I've just come to find such abstraction layers less useful in the typical web
app. They seem to be more applicable in an enterprise app setting where
portability is important, control over the schema might be limited or non-
existent, the performance and scalability requirements are more predictable.
In a web app, the structural complexity of the data is often low or the data
is not well-representable in relational form (note the rise in popularity of
non-relational stores). Performance requirements are harder to predict. Adding
an relational algebra abstraction layer in that context often doesn't add
enough value to justify the increase in complexity - you still end up having
to understand the entire depth of the stack while getting little benefit from
the extra capabilities it offers beyond the warm fuzzy feeling of using
something pretty neat.

------
mst
Shame they appear to have confused how GROUP BY works. They're correct that -

SELECT users.*, count(photos.id) FROM users LEFT OUTER JOIN photos ON users.id
= photos.user_id GROUP BY photos.user_id

won't do what they want.
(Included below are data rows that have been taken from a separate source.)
(* Let $k>0$ and consider the system of ODEs, for $r>0$, $\theta$, $z$, $p_R$, $p_S$ real, \[ \dot r = p_R,\quad \dot\theta = \frac{p_S}{r^2},\quad \dot z = \frac{p_S}{2},\quad \dot p_R = \frac{p_S^2}{r^3} - \frac{2kr^3}{(r^4+16z^2)^{3/2}},\quad \dot p_S = -\frac{8kr^2 z}{(r^4+16z^2)^{3/2}}, \] with $H = \frac{1}{2}\big(p_R^2 + \frac{p_S^2}{r^2}\big) - \frac{k}{\sqrt{r^4+16z^2}}$ (a conserved quantity). If $H<0$, then every solution is bounded, and along it $\sqrt{r^4+16z^2} \le \frac{k}{|H|}$.
   Context: This system describes nonholonomic motion of a point particle on the Heisenberg group $\mathbb{H}^1$ (horizontal distribution spanned by $X=\partial_x-\frac y2\partial_z$, $Y=\partial_y+\frac x2\partial_z$, sub-Riemannian metric $dx^2+dy^2$) in the potential $U=-k/\sqrt{(x^2+y^2)^2+16z^2}$, written in cylindrical coordinates $x=r\cos\theta$, $y=r\sin\theta$; $p_R,p_S$ are the momenta with respect to the horizontal frame $R=\partial_r$, $S=\partial_\theta+\frac{r^2}{2}\partial_z$. *)

From Stdlib Require Import Reals.
From Coquelicot Require Import Coquelicot.
Open Scope R_scope.

Definition rho (r z : R) : R := sqrt (r ^ 4 + 16 * z ^ 2).

Definition energy (k r z pR pS : R) : R :=
  / 2 * (pR ^ 2 + pS ^ 2 / r ^ 2) - k / rho r z.

Definition is_solution (k : R) (a b : Rbar) (r th z pR pS : R -> R) : Prop :=
  forall t : R, Rbar_lt a t -> Rbar_lt t b ->
    0 < r t /\
    is_derive r t (pR t) /\
    is_derive th t (pS t / r t ^ 2) /\
    is_derive z t (pS t / 2) /\
    is_derive pR t (pS t ^ 2 / r t ^ 3 - 2 * k * r t ^ 3 / rho (r t) (z t) ^ 3) /\
    is_derive pS t (- (8 * k * r t ^ 2 * z t) / rho (r t) (z t) ^ 3).

From Stdlib Require Import Reals Lra Lia.
From Coquelicot Require Import Coquelicot.
Open Scope R_scope.

(* The energy H is a first integral: its derivative along the flow vanishes
   identically, so by the mean value theorem it keeps its initial value H0 on
   the whole interval of existence. The kinetic part of H is nonnegative,
   hence -k/rho <= H0 < 0, i.e. rho <= k/|H0|. Finally
   rho = sqrt((r^2)^2 + (4z)^2) dominates both r^2 and 4|z|, which bounds r
   and z. *)

Lemma rho_sqr_sum (r z : R) : rho r z = sqrt ((r ^ 2) ^ 2 + (4 * z) ^ 2).
Proof. unfold rho; f_equal; ring. Qed.

Lemma rho_gt0 (r z : R) : 0 < r -> 0 < rho r z.
Proof.
intros Hr; apply sqrt_lt_R0.
assert (0 < r ^ 4) by (apply pow_lt; lra).
assert (0 <= z ^ 2) by apply pow2_ge_0.
lra.
Qed.

Lemma sqr_le_rho (r z : R) : r ^ 2 <= rho r z.
Proof.
rewrite rho_sqr_sum.
apply Rle_trans with (2 := proj1 (sqrt_plus_sqr _ _)).
apply Rle_trans with (2 := Rmax_l _ _).
apply RRle_abs.
Qed.

Lemma Rabs_le_rho (r z : R) : Rabs r <= 1 + rho r z /\ Rabs z <= 1 + rho r z.
Proof.
assert (Habs_r : Rabs r <= 1 + r ^ 2).
{ rewrite <- pow2_abs. pose proof (Rabs_pos r). nra. }
assert (Habs_z : 4 * Rabs z <= rho r z).
{ rewrite rho_sqr_sum.
  apply Rle_trans with (2 := proj1 (sqrt_plus_sqr _ _)).
  apply Rle_trans with (2 := Rmax_r _ _).
  rewrite Rabs_mult, (Rabs_right 4) by lra. lra. }
pose proof (sqr_le_rho r z). pose proof (Rabs_pos z). lra.
Qed.

Lemma potential_le_energy (k r z pR pS : R) :
  - (k / rho r z) <= energy k r z pR pS.
Proof.
unfold energy.
assert (0 <= pS ^ 2 / r ^ 2).
{ apply Rmult_le_pos; [apply pow2_ge_0|].
  destruct (Req_dec r 0) as [->|Hr].
  - rewrite pow_i, Rinv_0 by lia. lra.
  - apply Rlt_le, Rinv_0_lt_compat, pow2_gt_0, Hr. }
pose proof (pow2_ge_0 pR). lra.
Qed.

Lemma rho_le_of_energy_lt0 (k r z pR pS E : R) :
  energy k r z pR pS = E -> E < 0 -> rho r z <= k / Rabs E.
Proof.
intros HE Hneg.
pose proof (potential_le_energy k r z pR pS) as Hpot; rewrite HE in Hpot.
rewrite Rabs_left by lra.
assert (Hrho : 0 < rho r z).
{ destruct (Rle_lt_or_eq_dec 0 (rho r z) (sqrt_pos _)) as [|Hrho0]; [assumption|].
  rewrite <- Hrho0, Rdiv_0_r in Hpot. lra. }
apply Rmult_le_reg_r with (- E); [lra|].
unfold Rdiv; rewrite Rmult_assoc, Rinv_l, Rmult_1_r by lra.
apply Rmult_le_compat_l with (r := rho r z) in Hpot; [|lra].
replace (rho r z * - (k / rho r z)) with (- k) in Hpot by (field; lra).
lra.
Qed.

Lemma is_derive_energy (k : R) (r z pR pS : R -> R) (t : R) :
  0 < r t ->
  is_derive r t (pR t) ->
  is_derive z t (pS t / 2) ->
  is_derive pR t (pS t ^ 2 / r t ^ 3 - 2 * k * r t ^ 3 / rho (r t) (z t) ^ 3) ->
  is_derive pS t (- (8 * k * r t ^ 2 * z t) / rho (r t) (z t) ^ 3) ->
  is_derive (fun s => energy k (r s) (z s) (pR s) (pS s)) t 0.
Proof.
intros Hr Dr Dz DpR DpS.
pose proof (rho_gt0 (r t) (z t) Hr) as Hrho.
assert (Hsum : 0 < r t ^ 4 + 16 * z t ^ 2).
{ apply sqrt_lt_0_alt; rewrite sqrt_0; exact Hrho. }
unfold energy, rho in *; auto_derive.
- simpl in Hrho; repeat split; try (eexists; eassumption); nra.
- assert (Er : Derive (fun s => r s) t = pR t) by now apply is_derive_unique.
  assert (Ez : Derive (fun s => z s) t = pS t / 2) by now apply is_derive_unique.
  assert (EpR : Derive (fun s => pR s) t = _) by (apply is_derive_unique; exact DpR).
  assert (EpS : Derive (fun s => pS s) t = _) by (apply is_derive_unique; exact DpS).
  rewrite Er, Ez, EpR, EpS.
  (* [auto_derive] has expanded the powers; [simpl] expands those of the
     hypotheses as well, so that [field] sees the same atoms. *)
  simpl in *; field; split; lra.
Qed.

Lemma Rbar_interval_convex (a b : Rbar) (x y c : R) :
  Rbar_lt a x -> Rbar_lt x b -> Rbar_lt a y -> Rbar_lt y b ->
  Rmin x y <= c <= Rmax x y -> Rbar_lt a c /\ Rbar_lt c b.
Proof.
intros ax xb ay yb Hc.
assert (a_min : Rbar_lt a (Rmin x y)) by (apply Rmin_case; assumption).
assert (max_b : Rbar_lt (Rmax x y) b) by (apply Rmax_case; assumption).
split.
- apply Rbar_lt_le_trans with (1 := a_min); simpl; lra.
- apply Rbar_le_lt_trans with (2 := max_b); simpl; lra.
Qed.

Lemma is_derive_0_const (f : R -> R) (a b : Rbar) (x y : R) :
  (forall t : R, Rbar_lt a t -> Rbar_lt t b -> is_derive f t 0) ->
  Rbar_lt a x -> Rbar_lt x b -> Rbar_lt a y -> Rbar_lt y b ->
  f y = f x.
Proof.
intros Df ax xb ay yb.
destruct (MVT_abs f (fun _ => 0) x y) as (c & Hc & _).
- intros c Hc. apply is_derive_Reals, Df;
    apply (Rbar_interval_convex a b x y c); assumption.
- rewrite Rabs_R0, Rmult_0_l in Hc.
  apply Rminus_diag_uniq, Rabs_eq_0, Hc.
Qed.

Lemma energy_conserved (k : R) (a b : Rbar) (r th z pR pS : R -> R) (t0 t : R) :
  is_solution k a b r th z pR pS ->
  Rbar_lt a t0 -> Rbar_lt t0 b -> Rbar_lt a t -> Rbar_lt t b ->
  energy k (r t) (z t) (pR t) (pS t) = energy k (r t0) (z t0) (pR t0) (pS t0).
Proof.
intros Hsol at0 t0b at_ tb.
apply (is_derive_0_const (fun s => energy k (r s) (z s) (pR s) (pS s)) a b);
  try assumption.
intros s as_ sb.
destruct (Hsol s as_ sb) as (Hr & Dr & _ & Dz & DpR & DpS).
apply is_derive_energy; assumption.
Qed.

Theorem theorem1 (k : R) (a b : Rbar) (r th z pR pS : R -> R) (t0 : R) :
  0 < k ->
  Rbar_lt a t0 -> Rbar_lt t0 b ->
  is_solution k a b r th z pR pS ->
  energy k (r t0) (z t0) (pR t0) (pS t0) < 0 ->
  (exists M : R, forall t : R, Rbar_lt a t -> Rbar_lt t b ->
      Rabs (r t) <= M /\ Rabs (z t) <= M) /\
  (forall t : R, Rbar_lt a t -> Rbar_lt t b ->
      rho (r t) (z t) <= k / Rabs (energy k (r t0) (z t0) (pR t0) (pS t0))).
Proof.
intros _ at0 t0b Hsol Hneg.
set (H0 := energy k (r t0) (z t0) (pR t0) (pS t0)) in *.
assert (Hrho : forall t : R, Rbar_lt a t -> Rbar_lt t b -> rho (r t) (z t) <= k / Rabs H0).
{ intros t at_ tb.
  apply (rho_le_of_energy_lt0 k _ _ (pR t) (pS t)); [|exact Hneg].
  apply (energy_conserved k a b r th z pR pS); assumption. }
split; [|exact Hrho].
exists (1 + k / Rabs H0).
intros t at_ tb.
destruct (Rabs_le_rho (r t) (z t)) as [Hr Hz].
pose proof (Hrho t at_ tb).
split; lra.
Qed.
In fact, it isn't even a valid query outside of MySQL
that I can think of.

What -will- do the right thing is:

SELECT users.id, users.name, count(photos.id) FROM users LEFT OUTER JOIN
photos ON users.id = photos.user_id GROUP BY users.id, users.name

(which in the conceptually similar perl thing I'm working on at the moment
you'd represent just by asking for a set of user objects with
$user->photos->count eager loaded, but anyway ...)

------
raganwald
Avdi Grimm also pointed me to: <http://github.com/dkubb/veritas>